▶ **What the task asks**
Each line holding the word "dffun" must appear in the answer, copied from the entries.
-------- Data in this exercise --------
(* For a subsystem code with logical subsystem $\mathcal{H}_L$ of dimension at least $2$, the code price is at least the code distance: $p\ge d$.
   Context: Subsystem code: encoding isometry $V:\mathcal{H}_L\otimes\mathcal{H}_J\to\mathcal{H}_p$ onto a physical system of finitely many qudits; $\Pi=VV^\dagger$. $A$ is CSP if $[A,\Pi]=0$; bare-CSP if moreover $V^\dagger AV=A_L\otimes\mathrm{Id}_J$ (it implements $A_L\otimes\mathrm{Id}_J$). A region $R$ is a set of physical qudits; supported on $R$ means of the form $A_R\otimes\mathrm{Id}_{R^c}$. $R$ is correctable if for every $A_L\in\mathcal{B}(\mathcal{H}_L)$ there is a bare-CSP operator supported on $R^c$ implementing $A_L\otimes\mathrm{Id}_J$. Code distance $d=\min\{|R|: R\text{ not correctable}\}$; code price $p=\min\{|R|: R^c\text{ correctable}\}$, with $|R|$ the number of qudits. *)

From HB Require Import structures.
From mathcomp Require Import all_boot all_order all_algebra.
Set Implicit Arguments. Unset Strict Implicit. Unset Printing Implicit Defensive.
Import Order.TTheory GRing.Theory Num.Theory.
Local Open Scope ring_scope.

Section Codes.
Variable C : numClosedFieldType.

(* An operator from a space with basis T to a space with basis U, as a matrix
   (row index in U, column index in T). *)
Definition op (U T : finType) := U -> T -> C.

Definition opmul (U T S : finType) (A : op U T) (B : op T S) : op U S :=
  fun u s => \sum_(t : T) A u t * B t s.

Definition opadj (U T : finType) (A : op U T) : op T U := fun t u => (A u t)^*.

Definition opid (T : finType) : op T T := fun t t' => (t == t')%:R.

Definition optens (T1 T2 : finType) (A : op T1 T1) (B : op T2 T2) : op (T1 * T2)%type (T1 * T2)%type :=
  fun x y => A x.1 y.1 * B x.2 y.2.

(* Physical system: n qudits, qudit i has local dimension dims i.
   Computational basis of H_p: configurations. *)
Variable n : nat.
Variable dims : 'I_n -> nat.
Definition conf : finType := {dffun forall i : 'I_n, 'I_(dims i)}.
(* Basis of the Hilbert space of the qudits in a region R *)
Definition rconf (R : {set 'I_n}) : finType := {dffun forall i : {i : 'I_n | i \in R}, 'I_(dims (sval i))}.
Definition restr (R : {set 'I_n}) (x : conf) : rconf R := [ffun i => x (sval i)].

(* A is supported on R: A = A_R (x) Id_{R^c}, written in the product basis. *)
Definition supported_on (R : {set 'I_n}) (A : op conf conf) : Prop :=
  exists AR : op (rconf R) (rconf R),
    forall x y : conf,
      A x y = AR (restr R x) (restr R y) * (restr (~: R) x == restr (~: R) y)%:R.

(* Logical subsystem of dimension dL, gauge subsystem of dimension dJ. *)
Variables dL dJ : nat.
Definition cbasis : finType := ('I_dL * 'I_dJ)%type.
Variable V : op conf cbasis.   (* encoding map H_L (x) H_J -> H_p *)

Definition code_isometry := opmul (opadj V) V = @opid cbasis.
Definition code_proj : op conf conf := opmul V (opadj V).

Definition is_CSP (A : op conf conf) : Prop := opmul A code_proj = opmul code_proj A.

Definition bare_CSP_impl (A : op conf conf) (AL : op 'I_dL 'I_dL) : Prop :=
  is_CSP A /\ opmul (opadj V) (opmul A V) = optens AL (@opid 'I_dJ).

Definition correctable (R : {set 'I_n}) : Prop :=
  forall AL : op 'I_dL 'I_dL,
    exists A : op conf conf, supported_on (~: R) A /\ bare_CSP_impl A AL.

Definition is_code_distance (d : nat) : Prop :=
  (exists R : {set 'I_n}, ~ correctable R /\ #|R| = d) /\
  (forall R : {set 'I_n}, ~ correctable R -> (d <= #|R|)%N).

Definition is_code_price (p : nat) : Prop :=
  (exists R : {set 'I_n}, correctable (~: R) /\ #|R| = p) /\
  (forall R : {set 'I_n}, correctable (~: R) -> (p <= #|R|)%N).

End Codes.

(* If both R and its complement were correctable, every logical operator would
   have one bare implementation supported on R and another on the complement.
   Operators with complementary supports commute, and bare implementations
   multiply like the logical operators they implement, so all logical operators
   would commute; this is impossible as soon as dim H_L >= 2.  Hence a region
   realising the price is not correctable, and d <= p. *)
From mathcomp Require Import all_boot all_order all_algebra.
From Stdlib Require Import FunctionalExtensionality.
Set Implicit Arguments. Unset Strict Implicit. Unset Printing Implicit Defensive.
Import Order.TTheory GRing.Theory Num.Theory.
Local Open Scope ring_scope.

Section Operators.
Variable C : numClosedFieldType.

Lemma op_ext (U T : finType) (A B : op C U T) : (forall u t, A u t = B u t) -> A = B.
Proof.
by move=> eAB; apply: functional_extensionality => u; apply: functional_extensionality.
Qed.

Lemma opmulA (U T S W : finType) (A : op C U T) (B : op C T S) (D : op C S W) :
  opmul (opmul A B) D = opmul A (opmul B D).
Proof.
apply: op_ext => u w; rewrite /opmul.
under eq_bigr do rewrite big_distrl.
rewrite exchange_big /=; apply: eq_bigr => t _.
by rewrite big_distrr /=; apply: eq_bigr => s _; rewrite mulrA.
Qed.

Lemma opmul1 (U T : finType) (A : op C U T) : opmul A (@opid C T) = A.
Proof.
apply: op_ext => u t; rewrite /opmul /opid (bigD1 t) //= eqxx mulr1.
by rewrite big1 ?addr0 // => s /negbTE ->; rewrite mulr0.
Qed.

Lemma optens_mul (T1 T2 : finType) (X Z : op C T1 T1) (Y W : op C T2 T2) :
  opmul (optens X Y) (optens Z W) = optens (opmul X Z) (opmul Y W).
Proof.
apply: op_ext => u s; rewrite /opmul /optens big_distrl /=.
under [RHS]eq_bigr do rewrite big_distrr /=.
by rewrite pair_bigA /=; apply: eq_bigr => -[a b] _ /=; rewrite mulrACA.
Qed.

Lemma optens_id_inj (T1 T2 : finType) (j : T2) (X Y : op C T1 T1) :
  optens X (@opid C T2) = optens Y (@opid C T2) -> X = Y.
Proof.
move=> eXY; apply: op_ext => a b.
by have := congr1 (fun F => F (a, j) (b, j)) eXY; rewrite /optens /opid eqxx !mulr1.
Qed.

Definition opunit (T : finType) (i j : T) : op C T T :=
  fun a b => ((a == i) && (b == j))%:R.

Lemma opunit_noncomm (T : finType) (i j : T) : i != j ->
  opmul (opunit i j) (opunit i i) <> opmul (opunit i i) (opunit i j).
Proof.
rewrite eq_sym => /negbTE nji /(congr1 (fun F => F i j)); rewrite /opmul /opunit.
rewrite big1 => [|t _]; last by rewrite nji andbF mulr0.
rewrite (bigD1 i) //= big1 ?addr0 => [|t /negbTE ->]; last by rewrite andbF mul0r.
by rewrite !eqxx mulr1 => /eqP; rewrite eq_sym oner_eq0.
Qed.

End Operators.

Section Supports.
Variables (C : numClosedFieldType) (n : nat) (dims : 'I_n -> nat).

Lemma restrP (R : {set 'I_n}) (x y : conf dims) :
  reflect {in R, forall i, x i = y i} (restr R x == restr R y).
Proof.
apply: (iffP eqP) => [exy i iR | exy].
  by have := congr1 (fun f : rconf dims R => f (exist _ i iR)) exy; rewrite !ffunE.
by apply/ffunP => -[i iR]; rewrite !ffunE /= exy.
Qed.

(* The sum over y collapses onto the configuration agreeing with z on P and
   with x on Q. *)
Lemma sum_supported_compl (P Q : {set 'I_n}) (a : op C (rconf dims P) (rconf dims P))
    (b : op C (rconf dims Q) (rconf dims Q)) (x z : conf dims) : Q = ~: P ->
  \sum_(y : conf dims) (a (restr P x) (restr P y) * (restr Q x == restr Q y)%:R) *
     (b (restr Q y) (restr Q z) * (restr P y == restr P z)%:R)
  = a (restr P x) (restr P z) * b (restr Q x) (restr Q z).
Proof.
move=> eQ; pose m : conf dims := [ffun i => if i \in P then z i else x i].
have mP : restr P m = restr P z by apply/eqP/restrP => i iP; rewrite ffunE iP.
have mQ : restr Q m = restr Q x.
  by apply/eqP/restrP => i; rewrite eQ inE ffunE => /negbTE ->.
rewrite (bigD1 m) //= big1 ?addr0 => [|y ym]; first by rewrite mP mQ !eqxx !mulr1.
case: eqP => [/eqP/restrP yQ|_]; last by rewrite /= mulr0 mul0r.
case: eqP => [/eqP/restrP yP|_]; last by rewrite /= !mulr0.
case/eqP: ym; apply/ffunP => i; rewrite ffunE.
by case: ifP => iP; [rewrite yP | rewrite yQ // eQ inE iP].
Qed.

Lemma supported_compl_commute (P : {set 'I_n}) (A B : op C (conf dims) (conf dims)) :
  supported_on P A -> supported_on (~: P) B -> opmul A B = opmul B A.
Proof.
move=> [a eA] [b eB]; rewrite setCK in eB; apply: op_ext => x z; rewrite /opmul.
under eq_bigr do rewrite eA eB.
rewrite sum_supported_compl //.
under eq_bigr do rewrite eA eB.
by rewrite sum_supported_compl ?setCK // mulrC.
Qed.

End Supports.

Section Code.
Variables (C : numClosedFieldType) (n : nat) (dims : 'I_n -> nat).
Variables (dL dJ : nat) (V : op C (conf dims) (cbasis dL dJ)).
Hypothesis isoV : code_isometry V.

Lemma code_proj_fixes : opmul (code_proj V) V = V.
Proof. by rewrite /code_proj opmulA isoV opmul1. Qed.

Lemma compress_mul_CSP (A B : op C (conf dims) (conf dims)) : is_CSP V B ->
  opmul (opadj V) (opmul (opmul A B) V) =
  opmul (opmul (opadj V) (opmul A V)) (opmul (opadj V) (opmul B V)).
Proof.
move=> cspB; have BV : opmul B V = opmul V (opmul (opadj V) (opmul B V)).
  by rewrite -{1}code_proj_fixes -opmulA cspB /code_proj !opmulA.
by rewrite opmulA {1}BV !opmulA.
Qed.

Lemma bare_CSP_impl_mul (A B : op C (conf dims) (conf dims)) (AL BL : op C 'I_dL 'I_dL) :
  bare_CSP_impl V A AL -> bare_CSP_impl V B BL ->
  opmul (opadj V) (opmul (opmul A B) V) = optens (opmul AL BL) (@opid C 'I_dJ).
Proof.
by move=> [_ implA] [cspB implB]; rewrite compress_mul_CSP // implA implB optens_mul opmul1.
Qed.

(* With dJ = 0 the code space is trivial, so the zero operator implements every
   logical operator. *)
Lemma correctable_trivial_gauge (R : {set 'I_n}) : dJ = 0%N -> correctable V R.
Proof.
move=> dJ0 AL; exists (fun _ _ => 0); split; first by exists (fun _ _ => 0) => x y; rewrite mul0r.
split; last by apply: op_ext => -[u [j lt_jdJ]]; exfalso; rewrite dJ0 in lt_jdJ.
by apply: op_ext => x y; rewrite /opmul !big1 // => t _; rewrite ?mul0r ?mulr0.
Qed.

Lemma correctable_compl_commute (R : {set 'I_n}) : (0 < dJ)%N ->
  correctable V R -> correctable V (~: R) ->
  forall AL BL : op C 'I_dL 'I_dL, opmul AL BL = opmul BL AL.
Proof.
move=> dJ_gt0 corrR corrRc AL BL.
have [A [suppA implA]] := corrR AL; have [B [suppB implB]] := corrRc BL.
apply: (optens_id_inj (Ordinal dJ_gt0)).
rewrite -(bare_CSP_impl_mul implA implB) -(bare_CSP_impl_mul implB implA).
by rewrite (supported_compl_commute suppA suppB).
Qed.

End Code.

Theorem lemma3 (C : numClosedFieldType) (n : nat) (dims : 'I_n -> nat)
  (dL dJ : nat) (V : op C (conf dims) (cbasis dL dJ))
  (hV : code_isometry V) (hL : (2 <= dL)%N) (d p : nat)
  (hd : is_code_distance V d) (hp : is_code_price V p) :
  (d <= p)%N.
Proof.
move: hd hp => [[R0 [ncR0 _]] d_min] [[R [corrRc <-]] _].
apply: d_min => corrR.
have dJ_gt0 : (0 < dJ)%N.
  by rewrite lt0n; apply/eqP => dJ0; exact: ncR0 (correctable_trivial_gauge V R0 dJ0).
pose i0 : 'I_dL := Ordinal (ltnW hL); pose i1 : 'I_dL := Ordinal hL.
apply: (@opunit_noncomm C _ i0 i1 isT).
exact: (correctable_compl_commute hV dJ_gt0 corrR corrRc).
Qed.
--------
▶ **Answer section**
Definition conf : finType := {dffun forall i : 'I_n, 'I_(dims i)}.
Definition rconf (R : {set 'I_n}) : finType := {dffun forall i : {i : 'I_n | i \in R}, 'I_(dims (sval i))}.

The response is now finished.